We will update your Data Availability statement on your behalf to reflect the information you provide.

Response:

We thank the academic editor for your announcements. We have uploaded the required data which are found in the Appendix section of paper.

Comment 3: Thank you for stating the following financial disclosure:

"The funders had no role in study design, data collection and analysis, decision to publish, or preparation of the manuscript."

At this time, please address the following queries:

a. Please clarify the sources of funding (financial or material support) for your study. List the grants or organizations that supported your study, including funding received from your institution.

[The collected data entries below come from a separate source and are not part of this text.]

(* Let $0\le r\le\infty$, let $f:V\to W$ be a smooth map between finite-dimensional real inner product spaces with $|f|_{[r]}<\infty$, let $\omega\in\mathcal B_k^r(W)$ and $J\in\mathcal N_k^r(V)$. Then $$\int_Jf^*\omega=\int_{f_*J}\omega.$$
   Context: For a simple $k$-vector $\alpha=w_1\wedge\dots\wedge w_k$, $M(\alpha)=\sqrt{\det\langle w_i,w_j\rangle}$. A monopolar $k$-chain in $V$ is a finite formal sum $\sum_i(p_i;\alpha_i)$, $p_i\in V$, $\alpha_i\in\Lambda_k(V)$, linear in the second slot at each point. $T_u(p;\alpha)=(p+u;\alpha)$, $\Delta_u=T_u-\mathrm{id}$, $\Delta^j_U=\Delta_{u_1}\circ\dots\circ\Delta_{u_j}$, $\|\Delta^j_U(p;\alpha)\|_j=|u_1|\cdots|u_j|M(\alpha)$. A $k$-form is a linear functional $\omega$ on monopolar $k$-chains; $\|\omega\|_0=\sup\{|\omega(p;\alpha)|:\alpha$ simple, $M(\alpha)=1\}$, $\|\omega\|_j=\sup\{|\omega(\Delta^j_U(p;\alpha))|:\|\Delta^j_U(p;\alpha)\|_j=1\}$, $|\omega|^{\natural_r}=\max_{0\le j\le r}\|\omega\|_j$, $\mathcal B_k^r$ = forms with finite norm. For a chain $P$, $|P|^{\natural_r}=\sup_{0\ne\omega\in\mathcal B_k^r}\omega(P)/|\omega|^{\natural_r}$; $\mathcal N_k^r$ is the completion of monopolar $k$-chains in this norm. For $J\in\mathcal N_k^r$, $\omega\in\mathcal B_k^r$: $\int_J\omega=\lim_i\omega(P_i)$ for monopolar $P_i\to J$. Pushforward on chains: $f_*(x;v_1\wedge\dots\wedge v_k)=(f(x);Df_xv_1\wedge\dots\wedge Df_xv_k)$; $\|f\|_{[j]}=\sup|f_*\Delta^j_U(x;\alpha)|^{\natural_j}/\|\Delta^j_U(x;\alpha)\|_j$, $|f|_{[r]}=\max_{j\le r}\|f\|_{[j]}$; when $|f|_{[r]}<\infty$, $f_*$ extends continuously to chainlets, $f_*J=\lim f_*P_i$. Pullback: $f^*\omega(x;\alpha)=\omega(f_*(x;\alpha))$. *)

From HB Require Import structures.
From mathcomp Require Import all_boot all_order all_algebra.
From mathcomp Require Import all_classical all_reals all_analysis.
Set Implicit Arguments. Unset Strict Implicit. Unset Printing Implicit Defensive.
Import Order.TTheory GRing.Theory Num.Theory.
Import numFieldNormedType.Exports.
Local Open Scope classical_set_scope.
Local Open Scope ring_scope.

Section Chainlets.
Variable R : realType.

Notation pt n := 'rV[R]_n.

Definition dotp n (u v : pt n) : R := \sum_(i < n) u ord0 i * v ord0 i.
Definition eucl n (u : pt n) : R := Num.sqrt (dotp u u).

(* A simple k-vector w_1 /\ ... /\ w_k is represented by the tuple
   (w_i)_{i<k}; its mass M = sqrt (det <w_i,w_j>). *)
Definition kvec n k := 'I_k -> pt n.
Definition mass n k (w : kvec n k) : R :=
  Num.sqrt (\det (\matrix_(i < k, j < k) dotp (w i) (w j))).

(* A monopolar k-chain: finite formal sum  sum_i c_i (p_i ; w_i) *)
Definition mchain n k := seq (R * pt n * kvec n k).

Definition chain_opp n k (P : mchain n k) : mchain n k :=
  map (fun t => (- t.1.1, t.1.2, t.2)) P.
Definition chain_sub n k (P Q : mchain n k) : mchain n k := P ++ chain_opp Q.

Definition transl n k (u : pt n) (P : mchain n k) : mchain n k :=
  map (fun t => (t.1.1, t.1.2 + u, t.2)) P.
Fixpoint delta n k (U : seq (pt n)) (P : mchain n k) : mchain n k :=
  match U with
  | [::] => P
  | u :: U' => chain_sub (transl u (delta U' P)) (delta U' P)
  end.
Definition cell n k (p : pt n) (w : kvec n k) : mchain n k := [:: (1, p, w)].

(* k-forms: linear functionals on monopolar k-chains, i.e. functions
   p |-> (a linear functional on Lambda_k), given as alternating
   k-linear maps on the simple k-vectors. *)
Definition kform n k := pt n -> kvec n k -> R.

Definition upd n k (w : kvec n k) (i : 'I_k) (x : pt n) : kvec n k :=
  fun j => if j == i then x else w j.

b. State what role the funders took in the study. If the funders had no role in your study, please state: “The funders had no role in study design, data collection and analysis, decision to publish, or preparation of the manuscript.”

c. If any authors received a salary from any of your funders, please state which authors and which funders.

d. If you did not receive any funding for this study, please state: “The authors received no specific funding for this work.”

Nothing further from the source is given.